Furthermore, the composition of the rumen methanogens community is largely influenced by the basal diet, ruminant species, management, and geographical area [60]. Therefore, it could be expected that the variable relative abundance of the different species of methanogens in the rumen ecosystem, as a consequence of the above listed factors, determined the inhibitory potential of CHBr₃ containing additives. Consequently, variations in all of these factors could indirectly affect the CH₄ inhibition rate reached by mitigation strategies based on A. taxiformis supplementation.
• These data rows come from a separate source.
(* A finite simplicial complex on the vertex set V: a down-closed family of
   faces containing every singleton (so the vertex set V(K) is all of V). *)
Definition simplicial_complex (V : finType) (K : {set {set V}}) : Prop :=
  (forall s t : {set V}, s \in K -> t \subset s -> t \in K) /\
  (forall v : V, [set v] \in K).

Definition lin_indep (F : fieldType) (V : finType) (n : nat)
    (S : {set V}) (x : V -> 'rV[F]_n) : Prop :=
  forall c : V -> F, \sum_(v in S) c v *: x v = 0 -> forall v, v \in S -> c v = 0.

Definition in_cone (V : finType) (n : nat) (S : {set V})
    (x : V -> 'rV[Rdefinitions.R]_n) (p : 'rV[Rdefinitions.R]_n) : Prop :=
  exists a : V -> Rdefinitions.R,
    (forall v, v \in S -> 0 <= a v) /\ p = \sum_(v in S) a v *: x v.

(* K underlies a complete simplicial fan in R^n: there are ray generators
   w v such that each face spans a simplicial cone, the cones of two faces
   intersect in the cone of the common face, and the cones cover R^n. *)
Definition fan_like (V : finType) (K : {set {set V}}) (n : nat) : Prop :=
  exists w : V -> 'rV[Rdefinitions.R]_n,
    (forall s, s \in K -> lin_indep s w) /\
    (forall s t, s \in K -> t \in K -> forall p,
        in_cone s w p -> in_cone t w p -> in_cone (s :&: t) w p) /\
    (forall p, exists2 s, s \in K & in_cone s w p).

Definition nonsingular_F2 (V : finType) (K : {set {set V}}) (n : nat)
    (lam : V -> 'rV['F_2]_n) : Prop :=
  forall s, s \in K -> lin_indep s lam.

(* Non-singular characteristic map over Z: the vectors on every face are
   part of a Z-basis of Z^n (rows of an invertible integer matrix). *)
Definition nonsingular_Z (V : finType) (K : {set {set V}}) (n : nat)
    (lam : V -> 'rV[int]_n) : Prop :=
  forall s, s \in K ->
    exists (M : 'M[int]_n) (f : V -> 'I_n),
      M \in unitmx /\ {in s &, injective f} /\
      (forall v, v \in s -> row (f v) M = lam v).

Definition mod2 (n : nat) (x : 'rV[int]_n) : 'rV['F_2]_n :=
  map_mx (fun z : int => z%:~R) x.

(* Completeness of the fan forces K to have a face S with n vertices: the cone
   over fewer than n rays lies in a hyperplane, and a point of the moment curve
   t |-> (1, t, ..., t^(n-1)) avoids finitely many hyperplanes.  Over F_2, lam
   maps S to a basis, and invertible matrices over F_2 lift to GL_n(Z), so
   after a change of basis lam sends S to the standard basis and the lift of
   lam is the 0/1 lift composed with the lifted change of basis.  For a face
   T, exchanging unit vectors for the images of the at most |V| - n <= 3
   vertices of T \ S gives an invertible matrix over F_2 whose rows
   include lam(T) and whose other rows are unit vectors.  Its 0/1 lift has odd
   determinant of absolute value at most 2 (the maximum over 0/1 matrices of
   size 3), hence is unimodular. *)

From mathcomp Require Import all_boot all_order all_algebra.
From mathcomp Require Import fingroup perm zify Rstruct.
Import Order.TTheory GRing.Theory Num.Theory.
Set Implicit Arguments. Unset Strict Implicit. Unset Printing Implicit Defensive.
Local Open Scope ring_scope.

Definition zero_one_mx n (M : 'M[int]_n) := forall i j, M i j = 0 \/ M i j = 1.

Definition row_single_support n (M : 'M[int]_n) i :=
  forall j1 j2, M i j1 != 0 -> M i j2 != 0 -> j1 = j2.

Lemma det_bool_mx_le2 n (f : nat -> nat -> bool) : (n <= 3)%N ->
  `|\det (\matrix_(i, j) (f i j)%:R : 'M[int]_n)| <= 2.
Proof.
case: n => [|[|[|[|//]]]] _.
- by rewrite det_mx00.
- by rewrite det_mx11 mxE; case: (f _ _).
- rewrite (expand_det_row _ 0) !big_ord_recl big_ord0 /cofactor !det_mx11 !mxE /bump /=.
  by case: (f 0 0); case: (f 1 1); case: (f 0 1); case: (f 1 0); vm_compute.
- rewrite (expand_det_row _ 0) !big_ord_recl big_ord0 /cofactor.
  rewrite !(expand_det_row _ 0) !big_ord_recl !big_ord0 /cofactor !det_mx11 !mxE /bump /=.
  by case: (f 0 0); case: (f 1 1); case: (f 2 2); case: (f 1 2); case: (f 2 1);
    case: (f 0 1); case: (f 1 0); case: (f 2 0); case: (f 0 2); vm_compute.
Qed.

Lemma zero_one_mxE n (M : 'M[int]_n.+1) : zero_one_mx M ->
  M = \matrix_(i, j) (M (inord i) (inord j) == 1)%:R.
Proof.
by move=> M01; apply/matrixP => i j; rewrite mxE !inord_val; case: (M01 i j) => ->.
Qed.

Lemma det_zero_one_mx_small n (M : 'M[int]_n) :
  (n <= 3)%N -> zero_one_mx M -> `|\det M| <= 2.
Proof.
case: n M => [|n] M n_le3 M01; first by rewrite det_mx00.
rewrite (zero_one_mxE M01).
exact: (det_bool_mx_le2 (fun i j => M (inord i) (inord j) == 1)).
Qed.

Lemma det_zero_one_mx_le2 n (M : 'M[int]_n) (H : {set 'I_n}) :
  zero_one_mx M -> (#|H| <= 3)%N -> (forall i, i \notin H -> row_single_support M i) ->
  `|\det M| <= 2.
Proof.
elim: n M H => [|n IH] M H M01 H_le3 single; first by rewrite det_mx00.
case: (pickP [pred i | i \notin H]) => [i /= iH | allH]; last first.
  apply: det_zero_one_mx_small M01; rewrite -(card_ord n.+1) -cardsT.
  suff <- : H = setT by [].
  by apply/setP => i; rewrite inE; apply/negbFE/allH.
case: (pickP [pred j | M i j != 0]) => [j /= Mij | zero_row]; last first.
  rewrite (expand_det_row _ i) big1 ?normr0 // => k _.
  by move/negbFE/eqP: (zero_row k) => ->; rewrite mul0r.
have Mij1 : M i j = 1 by case: (M01 i j) Mij => ->; rewrite ?eqxx.
rewrite (expand_det_row _ i) (bigD1 j) //= big1 ?addr0; last first.
  move=> k kj; suff -> : M i k = 0 by rewrite mul0r.
  by apply/eqP; apply: contraNT kj => /(single i iH _ _ Mij) ->.
rewrite Mij1 mul1r /cofactor normrM normrX normrN1 expr1n mul1r.
apply: (IH _ [set k | lift i k \in H]).
- by move=> k l; rewrite !mxE.
- apply: leq_trans H_le3; rewrite -(card_imset _ (@lift_inj _ i)) subset_leq_card //.
  by apply/subsetP => x /imsetP [k]; rewrite inE => kH ->.
- move=> k; rewrite inE => kH j1 j2; rewrite !mxE => M1 M2.
  exact: lift_inj (single _ kH _ _ M1 M2).
Qed.
Lemma aperiodic_no_close_repeat a s x :
  (forall q, (0 < q)%N -> (2 * q <= size x)%N -> ~ periodic x q) -> no_close_repeat a s x.
Proof.
move=> aper p d d_gt0 dx /window_eqP [_ xp] /window_eqP [_ xpd].
apply: (aper d d_gt0 dx); elim/ltn_ind => u IH ux.
have [ud | du] := ltnP u d; first by rewrite modn_small.
rewrite -(subnK du) modnDr -IH; [|lia|lia].
rewrite -xp ?subnK // -xpd; last lia.
by congr a; rewrite -(subnK du) addnK !PoszD; ring.
Qed.

Lemma window_pext_merge a s x q l d : (0 < q)%N -> (q + d <= l)%N ->
  window a s l = pext x q l -> window a (s + d%:Z) l = pext x q l ->
  window a s (l + d) = pext x q (l + d).
Proof.
move=> q_gt0 qdl /window_pextP xs /window_pextP xsd; apply/window_pextP.
elim/ltn_ind => u IH ul.
have [u_l | l_u] := ltnP u l; first exact: xs.
have shifted v : (d <= v)%N -> (v < l + d)%N -> a (s + v%:Z) = nth 0 x ((v - d) %% q).
  by move=> dv vld; rewrite -xsd; [rewrite -addrA -PoszD subnKC | lia].
rewrite shifted; [|lia|lia].
have -> : (u - d = (u - q - d) + q)%N by lia.
rewrite modnDr -shifted; [|lia|lia].
have q_u : (q <= u)%N by lia.
rewrite IH; [|lia|lia].
by rewrite -[in RHS](subnK q_u) modnDr.
Qed.

Lemma packing_of_periodic_run a s x q p L :
  (0 < q)%N -> (2 * q <= size x)%N -> (size x <= L)%N -> periodic x q ->
  window a (s + p%:Z) L = pext x q L ->
  exists ps, packing a s x p (p + L) ps /\ (2 * L <= 5 * (size ps * size x))%N.
Proof.
move=> q_gt0 qx xL xper /window_pextP run.
set n := size x in qx xL *.
(* consecutive copies of [x] are placed [t] apart, [t] the least multiple of [q] beyond [n] *)
set t := ((n %/ q).+1 * q)%N.
have n_lt_t : (n < t)%N by apply: ltn_ceil.
have t_le : (t <= n + q)%N by rewrite /t mulSn addnC leq_add2r leq_divM.
set J := ((L - n) %/ t).+1.
have J_le : ((J - 1) * t <= L - n)%N by rewrite /J subn1 /= leq_divM.
have J_gt : (L - n < J * t)%N by apply: ltn_ceil; lia.
have copies J' j0 lo : (j0 + J' = J)%N -> (lo <= p + j0 * t)%N -> (lo <= p + L)%N ->
    packing a s x lo (p + L) [seq (p + j * t)%N | j <- iota j0 J'].
  elim: J' j0 lo => [|J' IH] j0 lo //= jJ lo_le lo_L.
  have fits : (j0 * t + n <= L)%N.
    by have := leq_mul (_ : j0 <= J - 1)%N (leqnn t); lia.
  split=> //; last by apply: IH; [lia | rewrite mulSn; lia | lia].
  apply/window_eqP; split=> // u un.
  rewrite PoszD addrA -(addrA (s + p%:Z)) -PoszD run; last by lia.
  by rewrite [RHS]xper // /t mulnA modnMDl.
exists [seq (p + j * t)%N | j <- iota 0 J]; split; first by apply: copies; lia.
have J_gt0 : (0 < J)%N by [].
by rewrite size_map size_iota; nia.
Qed.

End Periodicity.

Section Growth.
Variables (R : realType) (E : R).
Implicit Types (c : R) (u v w : seq R) (a : config R).

Definition growth w : R := ln (mx_l1 (word_mx E w)).

Lemma mx_l1_word_mx_gt0 w : 0 < mx_l1 (word_mx E w).
Proof. exact: lt_le_trans ltr01 (mx_l1_word_mx_ge1 E w). Qed.

Lemma growth_ge0 w : 0 <= growth w.
Proof. exact/ln_ge0/mx_l1_word_mx_ge1. Qed.

Lemma growth_cat_le u v : growth (u ++ v) <= growth u + growth v.
Proof.
rewrite /growth word_mx_cat addrC -lnM ?posrE ?mx_l1_word_mx_gt0 //.
rewrite ler_ln ?posrE ?mulr_gt0 ?mx_l1_word_mx_gt0 ?mx_l1_mulmx_le //.
by rewrite -word_mx_cat mx_l1_word_mx_gt0.
Qed.

Lemma growth_lt_mx_l1 w : growth w < mx_l1 (word_mx E w).
Proof. exact/ln_sublinear/mx_l1_word_mx_gt0. Qed.

Lemma growth_letter_le c : growth [:: c] <= `|E - c| + 2.
Proof.
apply/ltW/(lt_le_trans (growth_lt_mx_l1 _)).
by rewrite /word_mx /= mulmx1 /mx_l1 !mxE /= normrN normr1 normr0 addr0 addrA.
Qed.

Lemma growth_nil_le : growth [::] <= 2.
Proof.
apply/ltW/(lt_le_trans (growth_lt_mx_l1 _)).
by rewrite /mx_l1 !mxE /= normr1 normr0 !addr0.
Qed.

Lemma growth_window_le K a : 2 <= K -> (forall n, `|E - a n| + 2 <= K) ->
  forall s k, growth (window a s k) <= K * k%:R + K.
Proof.
move=> K_ge2 aK s k; elim: k s => [|k IH] s.
  by rewrite mulr0 add0r (le_trans growth_nil_le).
rewrite window_cons -cat1s (le_trans (growth_cat_le _ _)) //.
have := growth_letter_le (a s); have := aK s; have := IH (s + 1).
rewrite -natr1; lra.
Qed.

Lemma growth_packing_le a s x G B :
  (forall t k, growth (window a t k) <= G * k%:R + B) ->
  forall ps lo hi, packing a s x lo hi ps ->
  growth (window a (s + lo%:Z) (hi - lo)) <= (size ps)%:R * growth x
    + G * ((hi - lo)%:R - (size ps)%:R * (size x)%:R) + ((size ps)%:R + 1) * B.
Proof.
move=> aGB; elim=> [|p ps IH] lo hi /=; first by move=> _; have := aGB (s + lo%:Z) (hi - lo)%N; lra.
case=> lo_p xp ps_ok; have ps_fits := packing_size_le ps_ok.
have -> : (hi - lo = (p - lo) + (size x + (hi - (p + size x))))%N by lia.
rewrite !window_cat -addrA -PoszD subnKC // xp -addrA -PoszD.
apply: le_trans (growth_cat_le _ _) _.
have := growth_cat_le x (window a (s + (p + size x)%N%:Z) (hi - (p + size x))).
have := aGB (s + lo%:Z) (p - lo)%N; have := IH _ _ ps_ok.
rewrite !natrD -!natr1; lra.
Qed.

Lemma growth_window_packed_le a s x m ps G B c d : 0 <= B -> 0 <= d ->
  (forall t k, growth (window a t k) <= G * k%:R + B) ->
  growth x + B <= (G - d) * (size x)%:R ->
  packing a s x 0 m ps -> c * m%:R <= (size ps * size x)%:R ->
  growth (window a s m) <= (G - c * d) * m%:R + B.
Proof.
move=> B_ge0 d_ge0 aGB light ps_ok dense.
have := growth_packing_le aGB ps_ok; rewrite addr0 subn0.
have : (size ps)%:R * (growth x + B) <= (size ps)%:R * ((G - d) * (size x)%:R).
  by rewrite ler_wpM2l ?ler0n.
have : d * (c * m%:R) <= d * (size ps * size x)%:R by rewrite ler_wpM2l.
rewrite natrM; nra.
Qed.

Lemma growth_Mcoc_bounds n a : exists s,
  ln (opnorm (Mcoc E n a)) <= growth (window a s `|n|%N) <= ln (opnorm (Mcoc E n a)) + 4.
Proof.
have [s l1_eq] := mx_l1_Mcoc E n a; exists s; rewrite /growth -l1_eq.
have l1_gt0 : 0 < mx_l1 (Mcoc E n a) by rewrite l1_eq mx_l1_word_mx_gt0.
have op_gt0 : 0 < opnorm (Mcoc E n a) by move: (mx_l1_le_opnorm (Mcoc E n a)); lra.
rewrite ler_ln ?posrE ?opnorm_le_mx_l1 //=.
have l1_le : ln (mx_l1 (Mcoc E n a)) <= ln (4 * opnorm (Mcoc E n a)).
  by rewrite ler_ln ?posrE ?mulr_gt0 ?mx_l1_le_opnorm.
apply: le_trans l1_le _; rewrite lnM ?posrE // addrC lerD2l.
exact/ltW/ln_sublinear.
Qed.

End Growth.

Lemma words_window (R : realType) (Om : set (config R)) a s k :
  Om a -> (0 < k)%N -> words Om (window a s k).
Proof. by move=> Oma k_gt0; exists a, s, k. Qed.

Lemma words_size_gt0 (R : realType) (Om : set (config R)) w : words Om w -> (0 < size w)%N.
Proof. by move=> [a [s [k [_ [k_gt0 ->]]]]]; rewrite size_window. Qed.

Section Exponent.
Variables (R : realType) (E : R) (Om : set (config R)) (K : R).
Hypothesis K_ge2 : 2 <= K.
Hypothesis OmK : forall a, Om a -> forall n, `|E - a n| + 2 <= K.
Hypothesis Om_neq0 : Om !=set0.
Implicit Types (a : config R) (w : seq R).

Local Notation growth := (growth E).

Lemma growth_word_le w : words Om w -> growth w <= K * (size w)%:R + K.
Proof.
by move=> [a [s [k [Oma [_ ->]]]]]; rewrite size_window; apply: growth_window_le (OmK Oma) _ _.
Qed.

Definition growths m := [set growth w | w in [set w | words Om w /\ size w = m]].

Definition max_growth m := sup (growths m).

Lemma growths_word w : words Om w -> growths (size w) (growth w).
Proof. by move=> wOm; rewrite /growths; apply/imageP. Qed.

Lemma growths_neq0 m : (0 < m)%N -> growths m !=set0.
Proof.
case: Om_neq0 => a Oma m_gt0; exists (growth (window a 0 m)).
by rewrite -[in growths m](size_window a 0 m); apply/growths_word/words_window.
Qed.

Lemma has_sup_growths m : (0 < m)%N -> has_sup (growths m).
Proof.
split; first exact: growths_neq0.
by exists (K * m%:R + K) => _ [w [wOm <-] <-]; apply: growth_word_le.
Qed.

Lemma growth_le_max w : words Om w -> growth w <= max_growth (size w).
Proof.
move=> wOm; apply: sup_upper_bound; last exact: growths_word.
exact: has_sup_growths (words_size_gt0 wOm).
Qed.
A complete understanding of the rumen microbiome in response to A. taxiformis supplementation in animals under different dietary conditions may allow accurate predictions of treatment efficacy.

Our results show that under in vitro conditions CHBr₃ is quickly degraded in the rumen, with 90% broken down within the first 3 h. The diet used as substrate does affect neither CHBr₃ degradation nor CH₂Br₂ synthesis, suggesting the fermentation rate is not a driving factor involved in CHBr₃ degradation. Using pure cultures, CHBr₃ is shown to inhibit the growth of methanogenic archaea at very low concentrations with some differences among species, which deserve more research to fully understand the potential effectiveness across different dietary regimes. These findings can help to uncover the mode of action of the dietary supplementation with A. taxiformis as one of the most promising CH₄ mitigation strategies in ruminant production.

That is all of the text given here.